→ **Data to examine**

(* Consider algorithm DIST-OPT as described in the context (with arbitrary step size $\gamma>0$ and arbitrary problem data), and use the convention $\lambda_j(s)=0$ for $s\le 0$. (a) If all delays are zero ($\tau^{\uparrow}_j(t)=\tau^{\downarrow}_j(t)=0$ for all $j,t$), then for all $i\in\mathcal N$ and $t\in\mathbb N$, $$z_i^P(t)=\sum_{j=1}^N R_{ij}\lambda_j(t-d_{ij}),\qquad z_i^Q(t)=\sum_{j=1}^N X_{ij}\lambda_j(t-d_{ij}),$$ where $d_{ij}=0$ if $\texttt{dist}(i,j)\le1$ and $d_{ij}=\texttt{dist}(i,j)-1$ otherwise. (b) If all delays are bounded by $\tau_{\max}$, then for all $i\in\mathcal N$ and $t\in\mathbb N$ there exist integers $0\le\bar\tau_{ij}(t)\le(\tau_{\max}+1)d$ such that $$z_i^P(t)=\sum_{j=1}^N R_{ij}\lambda_j(t-\bar\tau_{ij}(t)),\qquad z_i^Q(t)=\sum_{j=1}^N X_{ij}\lambda_j(t-\bar\tau_{ij}(t)).$$
   Context: Network: a radial network is a tree on nodes $\{0,1,\dots,N\}$ rooted at node $0$; $\mathcal N=\{1,\dots,N\}$. Each $i\in\mathcal N$ has a unique parent $\sigma_i\in\{0,\dots,N\}$. Each edge $(h,k)$ ($h$ the parent of $k$) has resistance $r_{hk}\ge0$ and reactance $x_{hk}\ge0$. $\mathcal P_i$ is the set of edges on the path from $0$ to $i$. Define $N\times N$ matrices $R_{ij}=2\sum_{(h,k)\in\mathcal P_i\cap\mathcal P_j}r_{hk}$ and $X_{ij}=2\sum_{(h,k)\in\mathcal P_i\cap\mathcal P_j}x_{hk}$. $\texttt{dist}(i,j)$ is the number of edges on the tree path between $i$ and $j$, and $d=\max_{i,j\in\mathcal N}\texttt{dist}(i,j)$. Voltage model: $v(p,q)=Rp+Xq+v_0\mathbf 1\in\mathbb R^N$ for a fixed $v_0\in\mathbb R$. Problem data: vectors $\underline v\le\bar v$, $\underline p\le\bar p$, $\underline q\le\bar q$ in $\mathbb R^N$ and reals $a_i^{P},a_i^{Q}>0$, $b_i^P,b_i^Q$. Algorithm DIST-OPT. For $i\in\mathcal N$, the algorithmic parent of $i$ is $\sigma_i$ if $\sigma_i\neq0$; if $\sigma_i=0$, $i$ has no algorithmic parent. Let $\mathcal C_i=\{j\in\mathcal N:\sigma_j=i\}$. For each $j\in\mathcal N$ having an algorithmic parent and each $t\in\mathbb N$, there are delays $\tau^{\uparrow}_j(t),\tau^{\downarrow}_j(t)\in\mathbb Z_{\ge0}$. Write $[x]_a^b=\min(\max(x,a),b)$ and $\lceil x\rceil_+=\max(x,0)$. Initialization ($t=0$): for all $i\in\mathcal N$, $z_i^P(0)=z_i^Q(0)=\underline\lambda_i(0)=\bar\lambda_i(0)=\lambda_i(0)=0$ and $\alpha_i(0)=\beta_i^P(0)=\beta_i^Q(0)=\hat\alpha_i(0)=\hat\beta_i^P(0)=\hat\beta_i^Q(0)=0$; any message $\alpha_i(s),\beta_i^P(s),\beta_i^Q(s)$ with $s<0$ is $0$; if $i$ has no algorithmic parent then $\hat\beta_i^P(t)=\hat\beta_i^Q(t)=0$ for all $t$. For $t=0,1,2,\dots$ and every $i\in\mathcal N$: (1) $p_i(t)=\bigl[(z_i^P(t)-b_i^P)/a_i^P\bigr]_{\underline p_i}^{\bar p_i}$ and $q_i(t)=\bigl[(z_i^Q(t)-b_i^Q)/a_i^Q\bigr]_{\underline q_i}^{\bar q_i}$. (2) $v(t)=v(p(t),q(t))$; $\underline\lambda_i(t+1)=\lceil\underline\lambda_i(t)+\gamma(\underline v_i-v_i(t))\rceil_+$, $\bar\lambda_i(t+1)=\lceil\bar\lambda_i(t)+\gamma(v_i(t)-\bar v_i)\rceil_+$, $\lambda_i(t+1)=\underline\lambda_i(t+1)-\bar\lambda_i(t+1)$, with step size $\gamma>0$. (3) $\alpha_i(t+1)=\lambda_i(t+1)+\sum_{j\in\mathcal C_i}\hat\alpha_j(t)$, and for each $j\in\mathcal C_i$: $\beta_j^P(t+1)=R_{ii}\bigl(\lambda_i(t+1)+\sum_{r\in\mathcal C_i\setminus\{j\}}\hat\alpha_r(t)\bigr)+\hat\beta_i^P(t)$ and $\beta_j^Q(t+1)=X_{ii}\bigl(\lambda_i(t+1)+\sum_{r\in\mathcal C_i\setminus\{j\}}\hat\alpha_r(t)\bigr)+\hat\beta_i^Q(t)$. For each $j$ with an algorithmic parent: $\hat\alpha_j(t+1)=\alpha_j(t+1-\tau^{\uparrow}_j(t))$, $\hat\beta_j^P(t+1)=\beta_j^P(t+1-\tau^{\downarrow}_j(t))$, $\hat\beta_j^Q(t+1)=\beta_j^Q(t+1-\tau^{\downarrow}_j(t))$. (4) $z_i^P(t+1)=R_{ii}\bigl(\lambda_i(t+1)+\sum_{j\in\mathcal C_i}\hat\alpha_j(t+1)\bigr)+\hat\beta_i^P(t+1)$ and $z_i^Q(t+1)=X_{ii}\bigl(\lambda_i(t+1)+\sum_{j\in\mathcal C_i}\hat\alpha_j(t+1)\bigr)+\hat\beta_i^Q(t+1)$. *)

From HB Require Import structures.
From mathcomp Require Import all_boot all_order all_algebra.
Set Implicit Arguments. Unset Strict Implicit. Unset Printing Implicit Defensive.
Import Order.TTheory GRing.Theory Num.Theory.
Local Open Scope ring_scope.

(* Tree encoding: the non-root nodes 1..N are the ordinals 'I_N (node i+1 is
   the ordinal i); the root 0 is [None].  [par k] is the parent sigma_k
   (None = root).  The edge (sigma_k, k) is identified with its child k, so
   r k = r_{sigma_k k} and x k = x_{sigma_k k}. *)

Definition up (N : nat) (par : 'I_N -> option 'I_N) (o : option 'I_N)
  : option 'I_N := if o is Some k then par k else None.

Definition upn (N : nat) (par : 'I_N -> option 'I_N) (n : nat) (i : 'I_N)
  : option 'I_N := iter n (up par) (Some i).

Definition is_tree (N : nat) (par : 'I_N -> option 'I_N) : Prop :=
  forall i : 'I_N, exists n, upn par n i = None.

(* the edge with child k lies on the path P_i from 0 to i
   (k is i or an ancestor of i; in a tree depth <= N so n <= N suffices) *)
Definition on_path (N : nat) (par : 'I_N -> option 'I_N) (i k : 'I_N) : bool :=
  [exists n : 'I_(N.+1), upn par n i == Some k].

(* R_ij = 2 * sum of r over P_i /\ P_j  (also used for X with x) *)
Definition Rmat (R : nzRingType) (N : nat) (par : 'I_N -> option 'I_N)
  (r : 'I_N -> R) (i j : 'I_N) : R :=
  2 * \sum_(k : 'I_N | on_path par i k && on_path par j k) r k.

(* dist(i,j): number of edges of the tree path between i and j
   = least a+b such that the a-th ancestor of i equals the b-th ancestor of j *)
Definition tdist (N : nat) (par : 'I_N -> option 'I_N) (i j : 'I_N) : nat :=
  \big[minn/(N + N)%N]_(a < N.+1)
    \big[minn/(N + N)%N]_(b < N.+1 | upn par a i == upn par b j) (a + b)%N.

Definition diam (N : nat) (par : 'I_N -> option 'I_N) : nat :=
  \max_(i < N) \max_(j < N) tdist par i j.

Definition dij (N : nat) (par : 'I_N -> option 'I_N) (i j : 'I_N) : nat :=
  if (tdist par i j <= 1)%N then 0%N else (tdist par i j - 1)%N.

Definition clamp (R : realFieldType) (x a b : R) : R := Num.min (Num.max x a) b.
Definition posp (R : realFieldType) (x : R) : R := Num.max x 0.

(* Messages at negative
   times are represented via truncated nat subtraction hitting time 0, where
   all messages are 0. *)
Record DistOptRun (R : realFieldType) (N : nat) (par : 'I_N -> option 'I_N)
  (r x : 'I_N -> R) (v0 : R) (vlo vhi plo phi qlo qhi aP aQ bP bQ : 'I_N -> R)
  (gamma : R) (tau_up tau_dn : 'I_N -> nat -> nat)
  (p q v llo lhi lam zP zQ alpha betaP betaQ ahat bPhat bQhat : nat -> 'I_N -> R)
  : Prop := {
  init_zP : forall i, zP 0%N i = 0;
  init_zQ : forall i, zQ 0%N i = 0;
  init_llo : forall i, llo 0%N i = 0;
  init_lhi : forall i, lhi 0%N i = 0;
  init_lam : forall i, lam 0%N i = 0;
  init_alpha : forall i, alpha 0%N i = 0;
  init_betaP : forall i, betaP 0%N i = 0;
  init_betaQ : forall i, betaQ 0%N i = 0;
  init_ahat : forall i, ahat 0%N i = 0;
  init_bPhat : forall i, bPhat 0%N i = 0;
  init_bQhat : forall i, bQhat 0%N i = 0;
  root_bPhat : forall t i, par i = None -> bPhat t i = 0;
  root_bQhat : forall t i, par i = None -> bQhat t i = 0;
  step_p : forall t i, p t i = clamp ((zP t i - bP i) / aP i) (plo i) (phi i);
  step_q : forall t i, q t i = clamp ((zQ t i - bQ i) / aQ i) (qlo i) (qhi i);
  step_v : forall t i, v t i = \sum_(j : 'I_N) Rmat par r i j * p t j
                              + \sum_(j : 'I_N) Rmat par x i j * q t j + v0;
  step_llo : forall t i, llo t.+1 i = posp (llo t i + gamma * (vlo i - v t i));
  step_lhi : forall t i, lhi t.+1 i = posp (lhi t i + gamma * (v t i - vhi i));
  step_lam : forall t i, lam t.+1 i = llo t.+1 i - lhi t.+1 i;
  step_alpha : forall t i,
    alpha t.+1 i = lam t.+1 i + \sum_(j : 'I_N | par j == Some i) ahat t j;
  step_betaP : forall t i j, par j = Some i ->
    betaP t.+1 j = Rmat par r i i *
      (lam t.+1 i + \sum_(k : 'I_N | (par k == Some i) && (k != j)) ahat t k)
      + bPhat t i;
  step_betaQ : forall t i j, par j = Some i ->
    betaQ t.+1 j = Rmat par x i i *
      (lam t.+1 i + \sum_(k : 'I_N | (par k == Some i) && (k != j)) ahat t k)
      + bQhat t i;
  step_ahat : forall t j, par j <> None ->
    ahat t.+1 j = alpha (t.+1 - tau_up j t)%N j;
  step_bPhat : forall t j, par j <> None ->
    bPhat t.+1 j = betaP (t.+1 - tau_dn j t)%N j;
  step_bQhat : forall t j, par j <> None ->
    bQhat t.+1 j = betaQ (t.+1 - tau_dn j t)%N j;
  step_zP : forall t i,
    zP t.+1 i = Rmat par r i i *
      (lam t.+1 i + \sum_(j : 'I_N | par j == Some i) ahat t.+1 j) + bPhat t.+1 i;
  step_zQ : forall t i,
    zQ t.+1 i = Rmat par x i i *
      (lam t.+1 i + \sum_(j : 'I_N | par j == Some i) ahat t.+1 j) + bQhat t.+1 i
}.

(* Say that [k] lies below [i] when the edge into [i] lies on the path from
   the root to [k].  Every message of DIST-OPT at time t is a sum of terms
   c_k lambda_k(t - s_k) whose delays s_k are controlled by tree distances:
   - alpha_i and its received copy carry lambda_k for the nodes k below i,
     with delays between dist(i,k) and (tau+1) dist(i,k) (+ tau on receipt);
   - beta_j and its received copy carry R_jk lambda_k for the nodes k not
     below j, with delays between dist(j,k)-1 and (tau+1)(dist(j,k)-1) (+ tau);
   - hence z_i carries R_ik lambda_k for every k, with delays between
     dist(i,k)-1 and (tau+1) dist(i,k)-1.
   The file first develops the tree encoded by [par]: depths, ancestors, the
   child of i leading to a descendant k, the distance and how it and R_ik
   change along an edge.  The four message invariants are then proved by
   strong induction on time, and the theorem follows: with zero delays the
   delay bounds collapse to dist(i,k)-1 = d_ik, and in general
   (tau+1) dist(i,k) - 1 <= (tau+1) d. *)

From HB Require Import structures.
From mathcomp Require Import all_boot all_order all_algebra zify.
Set Implicit Arguments. Unset Strict Implicit. Unset Printing Implicit Defensive.
Import Order.TTheory GRing.Theory Num.Theory.

Lemma bigminn_le (I : finType) (P : pred I) (F : I -> nat) m i0 :
  P i0 -> \big[minn/m]_(i | P i) F i <= F i0.
Proof.
move=> Pi0; have : i0 \in index_enum I := mem_index_enum i0.
elim: (index_enum I) => //= a s IH; rewrite big_cons in_cons.
case/orP => [/eqP <-|/IH le_F]; first by rewrite Pi0 geq_minl.
by case: (P a) => //; rewrite geq_min le_F orbT.
Qed.

Lemma bigminn_mem (I : finType) (P : pred I) (F : I -> nat) m :
  \big[minn/m]_(i | P i) F i = m \/
  exists2 i, P i & \big[minn/m]_(i | P i) F i = F i.
Proof.
apply: (big_ind (fun y => y = m \/ exists2 i, P i & y = F i)); first by left.
  by move=> y1 y2 H1 H2; rewrite /minn; case: ifP.
by move=> i Pi; right; exists i.
Qed.

Section Tree.
Variables (N : nat) (par : 'I_N -> option 'I_N).
Hypothesis tree : is_tree par.

(* [anc e k]: node [e] is [k] or an ancestor of [k], i.e. the edge into [e]
   lies on the path P_k from the root to [k]. *)
Local Notation anc e k := (on_path par k e).
Local Notation dist := (tdist par).

Lemma choose_on_nonroots (U : Type) (u0 : U) (P : 'I_N -> U -> Prop) :
  (forall j, par j <> None -> exists u, P j u) ->
  exists f, forall j, par j <> None -> P j (f j).
Proof.
move=> ex; apply: (fin_all_exists (P := fun j u => par j <> None -> P j u)) => j.
by case: (par j =P None) => [pj|/ex[u Pu]]; [exists u0 | exists u].
Qed.

Lemma iter_up_None n : iter n (up par) None = None.
Proof. by elim: n => //= n ->. Qed.

Lemma upnD m n i : upn par (m + n) i = iter m (up par) (upn par n i).
Proof. by rewrite /upn iterD. Qed.

Lemma upnS n i : upn par n.+1 i = iter n (up par) (par i).
Proof. by rewrite /upn iterSr. Qed.

Lemma reaches_root i : exists n, upn par n i == None.
Proof. by have [n E] := tree i; exists n; rewrite E. Qed.

Definition depth i := ex_minn (reaches_root i).

Lemma upn_None i n : (upn par n i == None) = (depth i <= n).
Proof.
rewrite /depth; case: ex_minnP => m /eqP Hm Hmin.
apply/idP/idP; first exact: Hmin.
by move=> le_mn; rewrite -(subnK le_mn) upnD Hm iter_up_None.
Qed.

Lemma depth_upn n i y : upn par n i = Some y -> depth i = n + depth y.
Proof.
move=> Hy.
have E m : (depth y <= m) = (depth i <= m + n) by rewrite -!upn_None upnD Hy.
have lt_n : n < depth i by rewrite ltnNge -upn_None Hy.
have := E (depth y); rewrite leqnn => le_i.
have := E (depth i - n); rewrite subnK ?(ltnW lt_n) // leqnn => le_y.
lia.
Qed.

Lemma upn_lt_depth n i y : upn par n i = Some y -> n < depth i.
Proof. by move=> Hy; rewrite ltnNge -upn_None Hy. Qed.

Lemma upn_Some n i : n < depth i -> upn par n i = Some (odflt i (upn par n i)).
Proof. by case E: upn => // lt_n; move: (upn_None i n); rewrite E eqxx; lia. Qed.

Lemma depth_par j i : par j = Some i -> depth j = (depth i).+1.
Proof. by move=> pj; have := depth_upn (n := 1) pj; lia. Qed.

(* The ancestors of [i] at heights below its depth are pairwise distinct
   nodes, hence the depth is at most [N]. *)
Lemma depth_le i : depth i <= N.
Proof.
pose f (m : 'I_(depth i)) := odflt i (upn par m i).
suff /leq_card : injective f by rewrite !card_ord.
move=> a b Eab; apply: ord_inj.
have := depth_upn (upn_Some (ltn_ord a)); have := depth_upn (upn_Some (ltn_ord b)).
by rewrite -/(f a) -/(f b) Eab; lia.
Qed.

Lemma ancP e k : reflect (exists n, upn par n k = Some e) (anc e k).
Proof.
apply: (iffP existsP) => [[n /eqP H]|[n H]]; first by exists n.
have lt_n : n < N.+1 by have := upn_lt_depth H; have := depth_le k; lia.
by exists (Ordinal lt_n); apply/eqP.
Qed.

Lemma anc_refl e : anc e e.
Proof. by apply/ancP; exists 0. Qed.

Lemma anc_trans a b c : anc a b -> anc b c -> anc a c.
Proof.
by move=> /ancP[n Hn] /ancP[m Hm]; apply/ancP; exists (n + m); rewrite upnD Hm.
Qed.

→ **Required work**
Filter the data above, keeping only lines that include the string "finType".

→ **Answer for this exercise**
Lemma bigminn_le (I : finType) (P : pred I) (F : I -> nat) m i0 :
Lemma bigminn_mem (I : finType) (P : pred I) (F : I -> nat) m :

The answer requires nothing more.